What Is Financial Shortage?

It is easy to find advice on how to invest in the financial market. However, people do not always take into account something important known as a financial need . When someone decides to invest, it is necessary to analyze this grace period.

In financial investments, there is a period of time when you can not move money. The time between the application and the possibility of financial movement is known as financial shortage.

For example: in the investment contract a grace period of 60 days is foreseen. Thus, only after 60 days of signing the contract will it be possible to withdraw the money. Be the total value or only part of it.

Not every application works like this. Fixed income securities – such as the CDB – may be deficient.

Difference between maturity and financial shortage

Difference between maturity and financial shortage

Grace and maturity are two concepts that arise when there is no daily liquidity in investment. That is, when it can not be daily redeemed without losing value.

A fixed income investment, such as CDB, always has an expiration date. On that day, the investment will win and your money, along with the proceeds, will be credited to your bank account.

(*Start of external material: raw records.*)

(* Let $k\ge 2$ be an even integer and let $f:\{0,1\}^d\to\{0,1\}$ be $\varepsilon$-far from linear. If $x_1,\dots,x_k$ are sampled uniformly and independently from $\{0,1\}^d$, then $$\Pr\Big[\sum_{i=1}^k f(x_i)\neq f(x_1\oplus\cdots\oplus x_k)\Big]\ge\varepsilon,$$ where the sum on the left is taken mod 2.
   Context: $\oplus$ denotes bitwise XOR. A function $f:\{0,1\}^d\to\{0,1\}$ is linear if there is $S\subseteq[d]$ with $f(x)=\sum_{i\in S}x[i]\bmod 2$ for all $x$. $f$ is $\varepsilon$-far from linear if $f$ differs from every linear function on at least an $\varepsilon$ fraction of $\{0,1\}^d$. *)

From mathcomp Require Import all_boot all_order all_algebra.
Set Implicit Arguments. Unset Strict Implicit. Unset Printing Implicit Defensive.
Import Order.TTheory GRing.Theory Num.Theory.
Local Open Scope ring_scope.

(* Points of {0,1}^d are finite functions 'I_d -> bool; mod-2 addition is addb (xor). *)
Definition cube (d : nat) := {ffun 'I_d -> bool}.

Definition linfun_S (d : nat) (S : {set 'I_d}) (x : cube d) : bool :=
  \big[addb/false]_(i in S) x i.

Definition is_linear (d : nat) (f : cube d -> bool) : Prop :=
  exists S : {set 'I_d}, forall x, f x = linfun_S S x.

Definition dist (R : numFieldType) (d : nat) (f g : cube d -> bool) : R :=
  #|[set x : cube d | f x != g x]|%:R / (2 ^ d)%:R.

Definition eps_far (R : numFieldType) (d : nat) (eps : R) (f : cube d -> bool) : Prop :=
  forall g : cube d -> bool, is_linear g -> eps <= dist R f g.

Definition xorall (d k : nat) (xs : {ffun 'I_k -> cube d}) : cube d :=
  [ffun j => \big[addb/false]_(i < k) xs i j].

Definition k_test_reject (R : numFieldType) (d k : nat) (f : cube d -> bool) : R :=
  #|[set xs : {ffun 'I_k -> cube d} |
       (\big[addb/false]_(i < k) f (xs i)) != f (xorall xs)]|%:R
  / #|{ffun 'I_k -> cube d}|%:R.

From mathcomp Require Import all_boot all_order all_algebra.
From mathcomp Require Import ring lra.
Set Implicit Arguments. Unset Strict Implicit. Unset Printing Implicit Defensive.
Import Order.TTheory GRing.Theory Num.Theory.
Local Open Scope ring_scope.

(* Write F x = (-1)^(f x) and let F^(S) = E_x[F x chi_S x] be the Fourier
   coefficients of f, where chi_S x = (-1)^(sum_{i in S} x i).  We first develop
   the standard facts: the characters are multiplicative and orthogonal, which
   gives Fourier inversion and Parseval (sum_S F^(S)^2 = 1); moreover
   F^(S) = 1 - 2 dist(f, linfun_S S).  Expanding F(x_1 xor ... xor x_k) by
   inversion and averaging over independent x_i yields the exact formula
       Pr[reject] = (1 - sum_S F^(S)^(k+1)) / 2.
   If f is eps-far from linear, every F^(S) is at most c = 1 - 2 eps; besides
   sum_S F^(S) = F(0) >= -1.  An elementary inequality for reals a_S with
   sum a_S^2 = 1, sum a_S >= -1 and a_S <= c then gives sum a_S^(k+1) <= c for
   even k >= 2, i.e. Pr[reject] >= eps. *)

Lemma signr_big_addb (R : pzRingType) (I : Type) (r : seq I) (P : pred I)
    (b : I -> bool) :
  (-1) ^+ (\big[addb/false]_(i <- r | P i) b i) =
  \prod_(i <- r | P i) (-1) ^+ b i :> R.
Proof. exact: (big_morph (fun b : bool => (-1) ^+ b : R) (@signr_addb R)). Qed.

Lemma signr_addb_neq (R : comNzRingType) (a b : bool) :
  (-1) ^+ (a (+) b) = 1 - 2 * (a != b)%:R :> R.
Proof. by case: a; case: b; rewrite /= ?expr0 ?expr1; ring. Qed.

Lemma sum_indicator (R : pzSemiRingType) (T : finType) (P : pred T) :
  \sum_x (P x)%:R = #|[set x | P x]|%:R :> R.
Proof.
rewrite -natr_sum -sum1dep_card [in RHS]big_mkcond /=.
by congr _%:R; apply: eq_bigr => x _; case: (P x).
Qed.

Section CubeFourier.
Variables (R : numFieldType) (d : nat).

Definition cube_zero : cube d := [ffun _ => false].
Definition cube_add (x y : cube d) : cube d := [ffun j => x j (+) y j].

Definition chi (S : {set 'I_d}) (x : cube d) : R := (-1) ^+ linfun_S S x.

Definition cube_size : R := (2 ^ d)%:R.

Lemma card_cube : #|{ffun 'I_d -> bool}| = (2 ^ d)%N.
Proof. by rewrite card_ffun card_bool card_ord. Qed.

Lemma cube_size_neq0 : cube_size != 0.
Proof. by rewrite pnatr_eq0 -lt0n expn_gt0. Qed.

Lemma chi_prod S x : chi S x = \prod_(j in S) (-1) ^+ x j.
Proof. exact: signr_big_addb. Qed.

Lemma linfun_S_add S x y :
  linfun_S S (cube_add x y) = linfun_S S x (+) linfun_S S y.
Proof. by rewrite /linfun_S -big_split; apply: eq_bigr => i _; rewrite ffunE. Qed.

Lemma linfun_S_xorall k S (xs : {ffun 'I_k -> cube d}) :
  linfun_S S (xorall xs) = \big[addb/false]_(i < k) linfun_S S (xs i).
Proof.
by rewrite /linfun_S (@exchange_big _ _ addb); apply: eq_bigr => j _; rewrite ffunE.
Qed.

Lemma chi_add S x y : chi S (cube_add x y) = chi S x * chi S y.
Proof. by rewrite /chi linfun_S_add signr_addb. Qed.

Lemma chi_xorall k S (xs : {ffun 'I_k -> cube d}) :
  chi S (xorall xs) = \prod_(i < k) chi S (xs i).
Proof. by rewrite /chi linfun_S_xorall signr_big_addb. Qed.

(* Orthogonality: the characters at a point z sum to 2^d if z = 0, else to 0.
   Both sides expand \prod_j (1 + (-1)^(z j)) over the subsets S of 'I_d. *)
Lemma sum_chi z :
  \sum_(S : {set 'I_d}) chi S z = if z == cube_zero then cube_size else 0.
Proof.
have expand : \sum_(S : {set 'I_d}) chi S z =
    \prod_(j < d) \sum_(b : bool) (if b then (-1) ^+ z j else 1).
  rewrite bigA_distr_bigA /=.
  rewrite (reindex (fun phi : {ffun 'I_d -> bool} => [set j | phi j])) /=.
    apply: eq_bigr => phi _; rewrite chi_prod big_mkcond /=.
    by apply: eq_bigr => j _; rewrite inE.
  exists (fun S : {set 'I_d} => [ffun j => j \in S]) => [phi _|S _].
    by apply/ffunP => j; rewrite ffunE inE.
  by apply/setP => j; rewrite inE ffunE.
rewrite expand; under eq_bigr do rewrite big_bool /=.
case: eqP => [->|/eqP nz].
  under eq_bigr do rewrite ffunE expr0.
  by rewrite prodr_const card_ord /cube_size natrX.
have [j zj] : exists j, z j.
  apply/existsP; apply: contraNT nz => /existsPn z0.
  by apply/eqP/ffunP => j; rewrite ffunE; apply/negbTE/z0.
by rewrite (bigD1 j) //= zj expr1 addNr mul0r.
Qed.

Lemma cube_add_eq0 x y : (cube_add x y == cube_zero) = (x == y).
Proof.
apply/eqP/eqP => [xy0|->]; last by apply/ffunP => j; rewrite !ffunE addbb.
apply/ffunP => j; move/ffunP: xy0 => /(_ j); rewrite !ffunE.
by case: (x j); case: (y j).
Qed.

Variable f : cube d -> bool.

Definition sgnf x : R := (-1) ^+ f x.
Definition fourier S : R := cube_size^-1 * \sum_x sgnf x * chi S x.

Lemma sgnf_sqr x : sgnf x * sgnf x = 1.
Proof. by rewrite -signr_addb addbb. Qed.

Lemma fourier_inversion y : \sum_S fourier S * chi S y = sgnf y.
Proof.
transitivity (cube_size^-1 * \sum_S \sum_x sgnf x * chi S (cube_add x y)).
  rewrite big_distrr /=; apply: eq_bigr => S _; rewrite -mulrA big_distrl /=.
  by congr (_ * _); apply: eq_bigr => x _; rewrite chi_add mulrA.
rewrite exchange_big /=.
under eq_bigr do rewrite -big_distrr /= sum_chi cube_add_eq0.
rewrite (bigD1 y) //= eqxx big1 ?addr0; last by move=> x /negbTE ->; rewrite mulr0.
by rewrite mulrC -mulrA mulfV ?cube_size_neq0 // mulr1.
Qed.

(* At the origin all characters are 1, so the coefficients sum to sgnf 0. *)
Lemma sum_fourier : \sum_S fourier S = sgnf cube_zero.
Proof.
rewrite -fourier_inversion; apply: eq_bigr => S _.
by rewrite /chi /linfun_S big1 ?mulr1 // => i _; rewrite ffunE.
Qed.

Lemma parseval : \sum_S fourier S ^+ 2 = 1.
Proof.
transitivity (cube_size^-1 * \sum_y sgnf y * \sum_S fourier S * chi S y).
  under [in RHS]eq_bigr do rewrite big_distrr.
  rewrite exchange_big big_distrr /=; apply: eq_bigr => S _.
  rewrite expr2 {2}/fourier mulrCA big_distrr; congr (_ * _).
  by apply: eq_bigr => y _; rewrite mulrCA.
under eq_bigr do rewrite fourier_inversion sgnf_sqr.
by rewrite sumr_const card_cube -/cube_size mulVf ?cube_size_neq0.
Qed.

Lemma fourier_dist S : fourier S = 1 - 2 * dist R f (linfun_S S).
Proof.
have disagree x : sgnf x * chi S x = 1 - 2 * (f x != linfun_S S x)%:R.
  by rewrite -signr_addb signr_addb_neq.
rewrite /fourier /dist; under eq_bigr do rewrite disagree.
rewrite sumrB -big_distrr /= sum_indicator sumr_const card_cube -/cube_size.
by rewrite mulrBr mulVf ?cube_size_neq0 // mulrCA [_^-1 * _]mulrC.
Qed.

Lemma test_correlation k :
  \sum_(xs : {ffun 'I_k -> cube d}) (\prod_(i < k) sgnf (xs i)) * sgnf (xorall xs)
  = cube_size ^+ k * \sum_S fourier S ^+ k.+1.
Proof.
under eq_bigr => xs _ do rewrite -(fourier_inversion (xorall xs)) big_distrr /=.
rewrite exchange_big big_distrr /=; apply: eq_bigr => S _.
under eq_bigr do rewrite chi_xorall mulrCA -big_split /=.
rewrite -big_distrr /= -(bigA_distr_bigA (fun _ x => sgnf x * chi S x)) /=.
rewrite prodr_const card_ord.
have -> : \sum_x sgnf x * chi S x = cube_size * fourier S.
  by rewrite /fourier mulrA mulfV ?cube_size_neq0 // mul1r.
by rewrite exprMn mulrCA -exprS.
Qed.

Lemma test_correlation_reject k :
  \sum_(xs : {ffun 'I_k -> cube d}) (\prod_(i < k) sgnf (xs i)) * sgnf (xorall xs)
  = #|{ffun 'I_k -> cube d}|%:R -
    2 * #|[set xs : {ffun 'I_k -> cube d} |
            (\big[addb/false]_(i < k) f (xs i)) != f (xorall xs)]|%:R.
Proof.
under eq_bigr do rewrite /sgnf -signr_big_addb -signr_addb signr_addb_neq.
by rewrite sumrB -big_distrr /= sumr_const sum_indicator.
Qed.

Lemma k_test_reject_fourier k :
  k_test_reject R k f = (1 - \sum_S fourier S ^+ k.+1) / 2.
Proof.
have size_gt0 : 0 < cube_size ^+ k by rewrite exprn_gt0 // ltr0n expn_gt0.
have := test_correlation k; rewrite test_correlation_reject.
rewrite /k_test_reject card_ffun card_cube card_ord natrX -/cube_size => corr.
apply/eqP; rewrite eqr_div ?pnatr_eq0 ?lt0r_neq0 //; apply/eqP.
by rewrite mulrBl mul1r [_ * cube_size ^+ k]mulrC -corr; ring.
Qed.

End CubeFourier.

Section PowerSumBound.
Variable R : realFieldType.

Lemma odd_power_le_cap (x c : R) (n : nat) :
  ~~ odd n -> 0 <= c -> -1 <= x <= 1 -> x <= c -> x ^+ n.+3 <= c * x ^+ 2.
Proof.
move=> n_even c_ge0 /andP [x_geN1 x_le1] x_le_c.
have -> : x ^+ n.+3 = x ^+ n.+1 * x ^+ 2 by rewrite -exprD addn2.
have [x_ge0 | x_lt0] := lerP 0 x.
  apply: ler_wpM2r; first exact: sqr_ge0.
  by rewrite exprS; apply: le_trans x_le_c; apply: ler_piMr => //; apply: exprn_ile1.
apply: (@le_trans _ _ 0); last by rewrite mulr_ge0 // sqr_ge0.
rewrite mulr_le0_ge0 ?sqr_ge0 // exprS mulr_le0_ge0 ?(ltW x_lt0) //.
exact: exprn_even_ge0.
Qed.

(* The power-sum inequality behind the test: if sum a_i^2 = 1, sum a_i >= -1
   and every a_i is at most c, then sum a_i^(k+1) <= c for even k >= 2.
   For c >= 0 this follows termwise from odd_power_le_cap; for c < 0 all a_i
   are negative, forcing -a_i = a_i^2, hence every a_i = -1. *)
Lemma power_sum_le (I : finType) (a : I -> R) (c : R) (k : nat) (i0 : I) :
  (2 <= k)%N -> ~~ odd k -> (forall i, a i <= c) -> \sum_i a i ^+ 2 = 1 ->
  -1 <= \sum_i a i -> \sum_i a i ^+ k.+1 <= c.
Proof.
move=> k_ge2 k_even a_le_c sum_sqr sum_geN1.
have a_bound i : -1 <= a i <= 1.
  have : a i ^+ 2 <= 1.
    by rewrite -sum_sqr (bigD1 i) //= lerDl sumr_ge0 // => j _; apply: sqr_ge0.
  by move=> sqr_le1; apply/andP; split; nra.
have [c_ge0 | c_lt0] := lerP 0 c.
  apply: (@le_trans _ _ (\sum_i c * a i ^+ 2)); last first.
    by rewrite -big_distrr /= sum_sqr mulr1.
  apply: ler_sum => i _; case: k k_ge2 k_even => [|[|n]] // _ /= n_even.
  rewrite negbK in n_even.
  exact: odd_power_le_cap n_even c_ge0 (a_bound i) (a_le_c i).
have a_neg i : a i < 0 by apply: le_lt_trans c_lt0.
have gap_ge0 i : 0 <= - a i - a i ^+ 2.
  by case/andP: (a_bound i) => ? ?; have := a_neg i; nra.
have gap_sum0 : \sum_i (- a i - a i ^+ 2) = 0.
  apply/le_anti/andP; split; last by apply: sumr_ge0 => i _.
  by rewrite sumrB sumrN sum_sqr; lra.
have a_eqN1 i : a i = -1.
  have gap0 := psumr_eq0P (fun i _ => gap_ge0 i) gap_sum0 (i := i) isT.
  by have := a_neg i; nra.
rewrite (eq_bigr (fun i => - a i ^+ 2)); last first.
  by move=> i _; rewrite a_eqN1 -signr_odd /= (negbTE k_even) sqrrN expr1n.
by rewrite sumrN sum_sqr; have := a_le_c i0; rewrite a_eqN1; lra.
Qed.

End PowerSumBound.

Theorem theorem1p2 (R : realFieldType) (d k : nat) (eps : R)
    (f : cube d -> bool) :
  (2 <= k)%N -> ~~ odd k -> eps_far eps f ->
  eps <= k_test_reject R k f.
Proof.
move=> k_ge2 k_even far.
have coef_le S : fourier R f S <= 1 - 2 * eps.
  by rewrite fourier_dist; have := far _ (ex_intro _ S (fun _ => erefl)); lra.
have sum_geN1 : -1 <= \sum_S fourier R f S.
  by rewrite sum_fourier /sgnf; case: (f _); rewrite ?expr0 ?expr1 //; lra.
have := power_sum_le set0 k_ge2 k_even coef_le (parseval R f) sum_geN1.
rewrite k_test_reject_fourier; lra.
Qed.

The deficiency, as has been said before, is the date from which the redemption can be made.

For example: An investment was made directly with a bank on August 25, 2018. The investor has received the following information:

Deficiency : October 25, 2018

Maturity : August 25, 2020.

This means that as of October 25, the investor CAN redeem the investment. And, on August 25, 2020, the investor MUST redeem the investment, and the redemption will be done automatically, even if the investor forgets that date.

There are some investment options with the same vesting and maturity date. This means that it is not possible to redeem the money before the end of the investment. Those are the possibilities with the improved rates.

But caution is needed. What the person who wants to invest needs to analyze is whether the money invested can, or does not stay put. One must know if this amount may be necessary for the investor in a short time.

Remember that it is possible that money needs to be stationary for two years or more.